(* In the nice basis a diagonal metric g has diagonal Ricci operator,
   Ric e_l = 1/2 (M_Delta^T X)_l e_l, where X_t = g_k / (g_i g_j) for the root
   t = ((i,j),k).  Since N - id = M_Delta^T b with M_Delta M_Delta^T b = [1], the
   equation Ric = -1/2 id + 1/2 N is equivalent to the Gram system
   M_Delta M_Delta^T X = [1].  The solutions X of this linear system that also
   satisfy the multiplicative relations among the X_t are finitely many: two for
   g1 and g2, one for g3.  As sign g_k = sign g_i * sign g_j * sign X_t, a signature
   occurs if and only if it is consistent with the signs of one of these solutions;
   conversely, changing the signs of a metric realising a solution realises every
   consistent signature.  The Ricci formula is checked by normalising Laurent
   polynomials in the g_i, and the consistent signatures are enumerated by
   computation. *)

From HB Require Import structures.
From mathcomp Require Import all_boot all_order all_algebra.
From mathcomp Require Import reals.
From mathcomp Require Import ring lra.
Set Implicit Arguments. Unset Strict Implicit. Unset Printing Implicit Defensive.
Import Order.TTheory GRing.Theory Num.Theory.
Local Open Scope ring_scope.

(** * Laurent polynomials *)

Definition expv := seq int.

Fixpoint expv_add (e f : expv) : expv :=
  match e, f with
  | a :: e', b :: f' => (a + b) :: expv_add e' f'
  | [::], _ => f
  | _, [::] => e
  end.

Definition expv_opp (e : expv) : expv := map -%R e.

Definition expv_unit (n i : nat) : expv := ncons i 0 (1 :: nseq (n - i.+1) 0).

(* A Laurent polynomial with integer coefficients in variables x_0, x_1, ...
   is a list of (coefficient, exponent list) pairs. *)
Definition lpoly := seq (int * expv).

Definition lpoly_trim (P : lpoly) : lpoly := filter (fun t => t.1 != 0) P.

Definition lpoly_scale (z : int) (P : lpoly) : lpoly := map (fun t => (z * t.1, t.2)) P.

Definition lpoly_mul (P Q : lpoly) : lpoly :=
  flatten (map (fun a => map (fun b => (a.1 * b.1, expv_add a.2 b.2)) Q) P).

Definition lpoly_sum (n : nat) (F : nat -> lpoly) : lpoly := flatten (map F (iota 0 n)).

================

Task brief:
Beginning at the line above with "Import Order.TTheory GRing.Theory Num.Theory." and finishing at the line with "Definition lpoly := seq (int * expv).", return each line exactly and return nothing else.

Written reply:
Import Order.TTheory GRing.Theory Num.Theory.
Local Open Scope ring_scope.

(** * Laurent polynomials *)

Definition expv := seq int.

Fixpoint expv_add (e f : expv) : expv :=
  match e, f with
  | a :: e', b :: f' => (a + b) :: expv_add e' f'
  | [::], _ => f
  | _, [::] => e
  end.

Definition expv_opp (e : expv) : expv := map -%R e.

Definition expv_unit (n i : nat) : expv := ncons i 0 (1 :: nseq (n - i.+1) 0).

(* A Laurent polynomial with integer coefficients in variables x_0, x_1, ...
   is a list of (coefficient, exponent list) pairs. *)
Definition lpoly := seq (int * expv).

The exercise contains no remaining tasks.